START DATA SUPPLIED
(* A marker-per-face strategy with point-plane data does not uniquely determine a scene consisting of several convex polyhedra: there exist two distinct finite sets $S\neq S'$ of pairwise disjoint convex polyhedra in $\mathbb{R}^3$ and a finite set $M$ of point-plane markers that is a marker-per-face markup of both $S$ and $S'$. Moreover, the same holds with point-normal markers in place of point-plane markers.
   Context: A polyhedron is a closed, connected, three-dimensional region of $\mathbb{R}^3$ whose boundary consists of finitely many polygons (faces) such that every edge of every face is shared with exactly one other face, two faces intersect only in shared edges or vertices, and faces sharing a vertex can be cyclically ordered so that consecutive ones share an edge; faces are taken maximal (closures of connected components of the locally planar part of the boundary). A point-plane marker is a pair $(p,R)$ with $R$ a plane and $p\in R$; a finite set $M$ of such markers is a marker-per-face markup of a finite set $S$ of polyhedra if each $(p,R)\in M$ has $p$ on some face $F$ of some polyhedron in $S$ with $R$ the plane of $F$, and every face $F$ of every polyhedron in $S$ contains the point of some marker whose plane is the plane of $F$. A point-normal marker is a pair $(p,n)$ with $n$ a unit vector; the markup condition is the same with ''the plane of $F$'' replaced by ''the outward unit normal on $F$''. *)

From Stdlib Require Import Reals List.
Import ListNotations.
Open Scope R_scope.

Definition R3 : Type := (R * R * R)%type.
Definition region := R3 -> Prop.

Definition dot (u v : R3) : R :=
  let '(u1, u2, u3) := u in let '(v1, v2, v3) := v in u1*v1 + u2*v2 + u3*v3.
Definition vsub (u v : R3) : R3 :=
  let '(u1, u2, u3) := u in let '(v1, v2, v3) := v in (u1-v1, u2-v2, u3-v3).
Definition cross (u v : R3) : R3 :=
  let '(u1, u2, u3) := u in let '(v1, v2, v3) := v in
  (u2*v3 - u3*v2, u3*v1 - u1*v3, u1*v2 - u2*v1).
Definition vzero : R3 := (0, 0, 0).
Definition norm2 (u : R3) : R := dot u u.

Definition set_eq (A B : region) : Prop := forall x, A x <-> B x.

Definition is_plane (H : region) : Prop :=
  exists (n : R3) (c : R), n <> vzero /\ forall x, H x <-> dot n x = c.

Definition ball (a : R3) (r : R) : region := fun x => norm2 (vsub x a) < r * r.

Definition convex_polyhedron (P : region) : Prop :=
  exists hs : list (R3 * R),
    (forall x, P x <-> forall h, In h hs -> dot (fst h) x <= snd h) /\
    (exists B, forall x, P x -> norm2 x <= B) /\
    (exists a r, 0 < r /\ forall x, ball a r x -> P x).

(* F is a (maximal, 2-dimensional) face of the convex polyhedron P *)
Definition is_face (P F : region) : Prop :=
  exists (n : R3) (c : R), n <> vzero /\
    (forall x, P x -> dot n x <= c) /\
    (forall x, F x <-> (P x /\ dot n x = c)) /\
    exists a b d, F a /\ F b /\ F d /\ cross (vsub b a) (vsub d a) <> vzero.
END DATA SUPPLIED
START DATA SUPPLIED
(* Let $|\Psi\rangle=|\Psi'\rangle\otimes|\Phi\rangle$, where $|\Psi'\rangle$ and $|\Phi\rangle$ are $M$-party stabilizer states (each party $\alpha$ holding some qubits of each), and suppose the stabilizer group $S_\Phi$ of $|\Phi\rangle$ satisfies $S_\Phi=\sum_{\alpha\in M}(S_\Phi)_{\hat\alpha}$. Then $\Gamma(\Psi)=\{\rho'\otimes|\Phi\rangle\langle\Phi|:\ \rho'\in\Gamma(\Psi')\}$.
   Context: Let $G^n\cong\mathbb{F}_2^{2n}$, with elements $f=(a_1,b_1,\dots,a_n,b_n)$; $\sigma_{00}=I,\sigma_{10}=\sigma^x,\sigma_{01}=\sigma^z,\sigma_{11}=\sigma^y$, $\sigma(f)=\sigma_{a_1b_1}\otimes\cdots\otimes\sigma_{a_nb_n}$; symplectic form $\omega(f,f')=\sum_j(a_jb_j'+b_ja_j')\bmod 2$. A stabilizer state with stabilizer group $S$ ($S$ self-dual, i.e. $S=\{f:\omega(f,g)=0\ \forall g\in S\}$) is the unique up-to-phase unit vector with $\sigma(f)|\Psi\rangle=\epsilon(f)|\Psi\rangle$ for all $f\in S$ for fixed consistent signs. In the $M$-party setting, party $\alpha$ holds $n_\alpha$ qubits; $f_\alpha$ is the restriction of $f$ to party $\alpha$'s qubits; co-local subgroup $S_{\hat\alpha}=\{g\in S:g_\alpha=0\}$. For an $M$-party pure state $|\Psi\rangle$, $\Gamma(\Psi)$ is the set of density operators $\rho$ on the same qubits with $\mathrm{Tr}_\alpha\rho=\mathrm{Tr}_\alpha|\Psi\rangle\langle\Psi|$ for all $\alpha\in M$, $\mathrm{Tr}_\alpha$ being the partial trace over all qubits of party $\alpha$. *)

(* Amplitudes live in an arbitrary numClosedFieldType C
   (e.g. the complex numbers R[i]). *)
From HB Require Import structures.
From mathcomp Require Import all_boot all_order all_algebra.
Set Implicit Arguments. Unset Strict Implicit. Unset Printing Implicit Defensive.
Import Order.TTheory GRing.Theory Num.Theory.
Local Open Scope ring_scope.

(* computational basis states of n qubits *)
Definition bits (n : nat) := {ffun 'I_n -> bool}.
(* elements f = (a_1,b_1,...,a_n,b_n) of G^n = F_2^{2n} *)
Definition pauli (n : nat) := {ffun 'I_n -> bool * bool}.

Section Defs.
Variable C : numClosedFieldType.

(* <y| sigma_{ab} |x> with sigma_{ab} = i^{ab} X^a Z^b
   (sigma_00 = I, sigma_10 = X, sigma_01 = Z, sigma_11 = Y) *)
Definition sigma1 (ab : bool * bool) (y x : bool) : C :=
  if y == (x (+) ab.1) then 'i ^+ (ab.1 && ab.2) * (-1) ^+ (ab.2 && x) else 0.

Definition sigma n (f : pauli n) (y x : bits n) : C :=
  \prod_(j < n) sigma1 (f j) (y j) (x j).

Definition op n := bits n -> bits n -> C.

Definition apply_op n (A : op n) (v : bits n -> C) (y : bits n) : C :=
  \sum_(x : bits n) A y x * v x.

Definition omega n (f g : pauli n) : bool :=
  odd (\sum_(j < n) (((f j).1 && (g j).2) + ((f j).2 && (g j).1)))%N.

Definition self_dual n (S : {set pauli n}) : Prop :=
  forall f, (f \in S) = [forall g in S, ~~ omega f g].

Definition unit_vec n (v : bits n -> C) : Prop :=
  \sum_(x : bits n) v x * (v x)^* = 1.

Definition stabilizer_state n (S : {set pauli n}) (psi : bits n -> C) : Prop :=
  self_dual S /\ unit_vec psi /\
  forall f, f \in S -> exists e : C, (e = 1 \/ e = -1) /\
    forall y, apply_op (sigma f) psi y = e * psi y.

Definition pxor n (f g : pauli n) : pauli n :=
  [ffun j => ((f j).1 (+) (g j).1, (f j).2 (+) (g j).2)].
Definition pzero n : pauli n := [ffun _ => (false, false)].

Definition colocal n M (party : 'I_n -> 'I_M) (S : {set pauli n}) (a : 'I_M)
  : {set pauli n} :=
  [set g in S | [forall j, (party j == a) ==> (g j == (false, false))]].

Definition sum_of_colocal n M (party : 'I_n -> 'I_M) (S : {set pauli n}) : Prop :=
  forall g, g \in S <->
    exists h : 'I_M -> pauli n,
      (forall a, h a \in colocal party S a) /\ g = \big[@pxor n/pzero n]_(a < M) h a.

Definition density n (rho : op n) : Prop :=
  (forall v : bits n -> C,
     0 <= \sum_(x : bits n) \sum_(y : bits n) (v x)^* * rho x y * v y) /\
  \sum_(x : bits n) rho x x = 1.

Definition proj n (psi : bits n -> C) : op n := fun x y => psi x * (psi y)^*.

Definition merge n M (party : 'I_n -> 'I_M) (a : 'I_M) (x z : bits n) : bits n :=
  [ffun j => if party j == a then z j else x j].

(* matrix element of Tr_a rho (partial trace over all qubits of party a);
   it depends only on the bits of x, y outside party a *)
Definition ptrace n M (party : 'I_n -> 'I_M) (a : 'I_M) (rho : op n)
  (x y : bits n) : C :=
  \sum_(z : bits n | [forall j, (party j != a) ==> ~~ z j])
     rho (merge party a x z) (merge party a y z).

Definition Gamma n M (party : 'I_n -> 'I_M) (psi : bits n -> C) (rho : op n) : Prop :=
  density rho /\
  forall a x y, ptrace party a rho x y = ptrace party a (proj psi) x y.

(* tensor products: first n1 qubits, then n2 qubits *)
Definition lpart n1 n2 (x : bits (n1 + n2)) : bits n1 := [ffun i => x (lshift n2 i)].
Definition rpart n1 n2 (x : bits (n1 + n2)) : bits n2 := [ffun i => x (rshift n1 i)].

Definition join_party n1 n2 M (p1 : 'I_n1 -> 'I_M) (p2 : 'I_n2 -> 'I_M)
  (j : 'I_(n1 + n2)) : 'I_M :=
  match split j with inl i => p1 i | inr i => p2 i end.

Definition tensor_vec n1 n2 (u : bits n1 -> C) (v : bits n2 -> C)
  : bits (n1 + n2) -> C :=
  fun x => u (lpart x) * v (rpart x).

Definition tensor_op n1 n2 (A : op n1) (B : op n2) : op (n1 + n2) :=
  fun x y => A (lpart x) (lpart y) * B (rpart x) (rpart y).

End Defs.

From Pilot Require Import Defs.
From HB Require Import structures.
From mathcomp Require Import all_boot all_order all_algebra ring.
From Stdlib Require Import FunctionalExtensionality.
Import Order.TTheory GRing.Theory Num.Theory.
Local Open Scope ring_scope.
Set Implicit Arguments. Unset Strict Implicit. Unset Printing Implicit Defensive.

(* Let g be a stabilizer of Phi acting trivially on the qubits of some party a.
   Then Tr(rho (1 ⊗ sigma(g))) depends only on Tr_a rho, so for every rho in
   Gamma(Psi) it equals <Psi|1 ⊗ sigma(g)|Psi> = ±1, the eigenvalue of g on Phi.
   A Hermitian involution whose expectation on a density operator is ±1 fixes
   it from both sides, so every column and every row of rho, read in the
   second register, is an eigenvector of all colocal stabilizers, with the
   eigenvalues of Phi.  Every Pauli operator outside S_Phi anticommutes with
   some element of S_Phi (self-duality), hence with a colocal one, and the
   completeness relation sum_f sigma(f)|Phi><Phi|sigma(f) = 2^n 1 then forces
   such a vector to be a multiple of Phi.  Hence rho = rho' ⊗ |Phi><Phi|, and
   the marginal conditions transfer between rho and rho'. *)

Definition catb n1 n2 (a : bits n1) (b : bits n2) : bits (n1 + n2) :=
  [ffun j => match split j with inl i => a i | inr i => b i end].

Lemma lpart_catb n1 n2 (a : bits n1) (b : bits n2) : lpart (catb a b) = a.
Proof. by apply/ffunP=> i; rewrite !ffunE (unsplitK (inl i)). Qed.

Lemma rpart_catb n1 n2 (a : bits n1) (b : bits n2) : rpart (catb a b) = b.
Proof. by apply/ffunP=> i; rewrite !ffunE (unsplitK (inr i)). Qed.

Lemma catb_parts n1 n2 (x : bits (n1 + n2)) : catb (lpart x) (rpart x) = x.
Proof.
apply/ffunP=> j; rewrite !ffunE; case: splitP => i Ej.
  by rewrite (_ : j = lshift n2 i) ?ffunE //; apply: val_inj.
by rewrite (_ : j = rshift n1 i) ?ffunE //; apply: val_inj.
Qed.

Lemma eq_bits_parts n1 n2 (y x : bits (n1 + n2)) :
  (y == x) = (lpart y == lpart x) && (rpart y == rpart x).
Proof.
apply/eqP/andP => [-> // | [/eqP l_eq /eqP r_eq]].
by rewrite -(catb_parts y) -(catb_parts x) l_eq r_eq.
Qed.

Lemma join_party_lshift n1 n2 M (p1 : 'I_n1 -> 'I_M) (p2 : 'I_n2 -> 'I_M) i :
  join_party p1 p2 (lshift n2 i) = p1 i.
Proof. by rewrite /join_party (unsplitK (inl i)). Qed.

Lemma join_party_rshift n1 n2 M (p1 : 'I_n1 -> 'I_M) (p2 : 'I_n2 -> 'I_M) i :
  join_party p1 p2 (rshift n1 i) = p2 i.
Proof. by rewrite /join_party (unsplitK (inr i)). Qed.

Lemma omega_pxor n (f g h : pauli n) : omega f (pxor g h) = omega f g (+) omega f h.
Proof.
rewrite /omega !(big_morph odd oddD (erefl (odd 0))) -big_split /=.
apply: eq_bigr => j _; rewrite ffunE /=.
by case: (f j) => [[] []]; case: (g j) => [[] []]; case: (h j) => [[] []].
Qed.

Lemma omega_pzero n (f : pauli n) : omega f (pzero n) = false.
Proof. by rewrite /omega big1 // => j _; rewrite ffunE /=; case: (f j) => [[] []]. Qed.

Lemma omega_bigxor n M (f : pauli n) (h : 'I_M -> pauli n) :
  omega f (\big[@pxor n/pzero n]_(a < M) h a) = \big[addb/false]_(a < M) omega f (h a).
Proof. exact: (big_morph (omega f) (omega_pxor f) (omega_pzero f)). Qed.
END DATA SUPPLIED
START DATA SUPPLIED
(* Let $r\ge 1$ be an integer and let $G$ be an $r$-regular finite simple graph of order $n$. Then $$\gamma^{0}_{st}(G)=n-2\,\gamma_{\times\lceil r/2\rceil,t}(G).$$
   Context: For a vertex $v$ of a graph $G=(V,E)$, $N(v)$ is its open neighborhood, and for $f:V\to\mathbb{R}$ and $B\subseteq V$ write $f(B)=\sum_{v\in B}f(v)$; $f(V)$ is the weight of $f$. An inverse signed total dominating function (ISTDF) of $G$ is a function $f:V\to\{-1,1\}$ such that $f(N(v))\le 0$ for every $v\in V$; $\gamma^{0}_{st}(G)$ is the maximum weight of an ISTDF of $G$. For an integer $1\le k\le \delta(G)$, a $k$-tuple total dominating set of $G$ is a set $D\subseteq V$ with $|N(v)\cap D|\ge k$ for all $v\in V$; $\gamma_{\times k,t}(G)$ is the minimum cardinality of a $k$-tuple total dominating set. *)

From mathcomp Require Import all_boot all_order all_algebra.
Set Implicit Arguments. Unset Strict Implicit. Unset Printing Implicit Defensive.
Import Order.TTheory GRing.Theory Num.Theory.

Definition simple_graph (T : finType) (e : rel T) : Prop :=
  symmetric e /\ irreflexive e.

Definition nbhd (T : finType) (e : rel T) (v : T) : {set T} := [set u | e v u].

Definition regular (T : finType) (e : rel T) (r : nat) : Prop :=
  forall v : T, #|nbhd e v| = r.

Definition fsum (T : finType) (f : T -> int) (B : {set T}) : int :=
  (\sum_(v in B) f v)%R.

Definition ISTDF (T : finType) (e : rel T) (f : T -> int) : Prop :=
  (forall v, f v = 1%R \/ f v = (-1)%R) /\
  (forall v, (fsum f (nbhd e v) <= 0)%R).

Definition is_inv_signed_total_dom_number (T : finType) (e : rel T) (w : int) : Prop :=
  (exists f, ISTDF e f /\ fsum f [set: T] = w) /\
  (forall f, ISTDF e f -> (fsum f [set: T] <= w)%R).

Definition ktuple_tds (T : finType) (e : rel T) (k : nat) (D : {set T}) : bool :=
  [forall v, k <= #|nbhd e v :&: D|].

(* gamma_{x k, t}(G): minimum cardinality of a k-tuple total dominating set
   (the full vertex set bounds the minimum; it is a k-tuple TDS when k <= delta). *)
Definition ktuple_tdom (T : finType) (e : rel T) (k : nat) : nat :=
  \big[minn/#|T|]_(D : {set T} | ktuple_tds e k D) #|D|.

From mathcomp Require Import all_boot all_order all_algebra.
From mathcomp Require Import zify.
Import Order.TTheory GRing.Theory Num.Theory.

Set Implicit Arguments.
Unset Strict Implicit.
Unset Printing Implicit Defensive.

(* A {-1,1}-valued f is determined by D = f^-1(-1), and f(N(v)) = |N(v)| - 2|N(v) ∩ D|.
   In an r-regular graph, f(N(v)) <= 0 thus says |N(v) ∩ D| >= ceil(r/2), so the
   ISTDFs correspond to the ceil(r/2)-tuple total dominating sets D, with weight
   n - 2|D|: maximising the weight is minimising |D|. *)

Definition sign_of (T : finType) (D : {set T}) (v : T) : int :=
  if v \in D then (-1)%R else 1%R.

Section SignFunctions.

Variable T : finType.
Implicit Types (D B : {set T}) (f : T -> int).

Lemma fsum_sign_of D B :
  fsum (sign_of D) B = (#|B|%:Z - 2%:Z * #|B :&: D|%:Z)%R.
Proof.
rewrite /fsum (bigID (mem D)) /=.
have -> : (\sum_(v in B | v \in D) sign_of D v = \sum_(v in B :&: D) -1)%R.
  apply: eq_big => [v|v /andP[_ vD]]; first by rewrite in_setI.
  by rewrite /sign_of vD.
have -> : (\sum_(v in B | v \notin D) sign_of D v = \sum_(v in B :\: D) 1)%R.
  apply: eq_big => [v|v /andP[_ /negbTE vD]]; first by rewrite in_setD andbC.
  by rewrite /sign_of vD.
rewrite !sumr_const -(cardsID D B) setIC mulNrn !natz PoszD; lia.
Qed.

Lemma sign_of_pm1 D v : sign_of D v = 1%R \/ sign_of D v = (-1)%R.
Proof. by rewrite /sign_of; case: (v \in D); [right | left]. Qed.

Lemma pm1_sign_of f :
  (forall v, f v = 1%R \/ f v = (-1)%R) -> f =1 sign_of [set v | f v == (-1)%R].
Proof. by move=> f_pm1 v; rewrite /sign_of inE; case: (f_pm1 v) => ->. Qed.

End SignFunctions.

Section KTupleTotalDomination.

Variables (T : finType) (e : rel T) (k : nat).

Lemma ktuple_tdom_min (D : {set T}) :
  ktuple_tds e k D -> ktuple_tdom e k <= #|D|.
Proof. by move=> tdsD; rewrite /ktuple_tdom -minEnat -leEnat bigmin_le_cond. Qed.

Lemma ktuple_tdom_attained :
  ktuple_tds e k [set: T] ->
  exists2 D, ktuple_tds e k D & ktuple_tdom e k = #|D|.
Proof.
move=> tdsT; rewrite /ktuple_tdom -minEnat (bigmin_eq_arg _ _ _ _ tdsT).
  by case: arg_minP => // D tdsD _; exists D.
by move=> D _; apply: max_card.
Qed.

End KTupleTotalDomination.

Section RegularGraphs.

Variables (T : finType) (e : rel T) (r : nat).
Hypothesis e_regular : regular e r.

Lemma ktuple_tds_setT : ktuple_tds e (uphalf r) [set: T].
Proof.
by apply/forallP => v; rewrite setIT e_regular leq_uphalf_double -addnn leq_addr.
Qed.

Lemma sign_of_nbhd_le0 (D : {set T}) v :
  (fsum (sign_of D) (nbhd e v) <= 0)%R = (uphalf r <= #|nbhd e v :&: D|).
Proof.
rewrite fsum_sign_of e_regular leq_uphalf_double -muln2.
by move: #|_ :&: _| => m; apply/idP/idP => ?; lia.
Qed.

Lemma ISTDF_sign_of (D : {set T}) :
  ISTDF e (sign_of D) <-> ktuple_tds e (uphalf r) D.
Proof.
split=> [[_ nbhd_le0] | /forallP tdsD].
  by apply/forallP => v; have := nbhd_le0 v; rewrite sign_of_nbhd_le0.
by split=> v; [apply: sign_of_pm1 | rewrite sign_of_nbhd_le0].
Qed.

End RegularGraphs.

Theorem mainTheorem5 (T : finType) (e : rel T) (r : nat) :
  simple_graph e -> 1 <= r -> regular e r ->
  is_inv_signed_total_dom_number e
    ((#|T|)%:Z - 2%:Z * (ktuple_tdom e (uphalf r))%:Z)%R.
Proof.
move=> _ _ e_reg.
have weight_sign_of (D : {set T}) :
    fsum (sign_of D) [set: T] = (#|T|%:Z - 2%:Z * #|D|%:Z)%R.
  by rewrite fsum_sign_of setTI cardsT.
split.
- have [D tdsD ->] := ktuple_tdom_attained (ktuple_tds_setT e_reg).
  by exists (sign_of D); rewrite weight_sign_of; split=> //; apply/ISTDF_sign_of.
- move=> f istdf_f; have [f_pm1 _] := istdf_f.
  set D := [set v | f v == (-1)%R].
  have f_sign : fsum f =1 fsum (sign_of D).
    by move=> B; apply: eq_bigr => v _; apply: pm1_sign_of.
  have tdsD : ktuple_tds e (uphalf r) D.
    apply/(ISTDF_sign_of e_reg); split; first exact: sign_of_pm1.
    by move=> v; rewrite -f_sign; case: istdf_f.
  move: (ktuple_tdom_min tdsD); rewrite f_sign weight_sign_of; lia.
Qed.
END DATA SUPPLIED
- **WHAT YOU WILL DO**:
Give back, unchanged, the run of lines in the listing above that begins at the line containing "Proof. by rewrite /omega" and ends at the line containing "Proof. exact: (big_morph", both included.

- **EXERCISE ANSWER**:
Proof. by rewrite /omega big1 // => j _; rewrite ffunE /=; case: (f j) => [[] []]. Qed.

Lemma omega_bigxor n M (f : pauli n) (h : 'I_M -> pauli n) :
  omega f (\big[@pxor n/pzero n]_(a < M) h a) = \big[addb/false]_(a < M) omega f (h a).
Proof. exact: (big_morph (omega f) (omega_pxor f) (omega_pzero f)). Qed.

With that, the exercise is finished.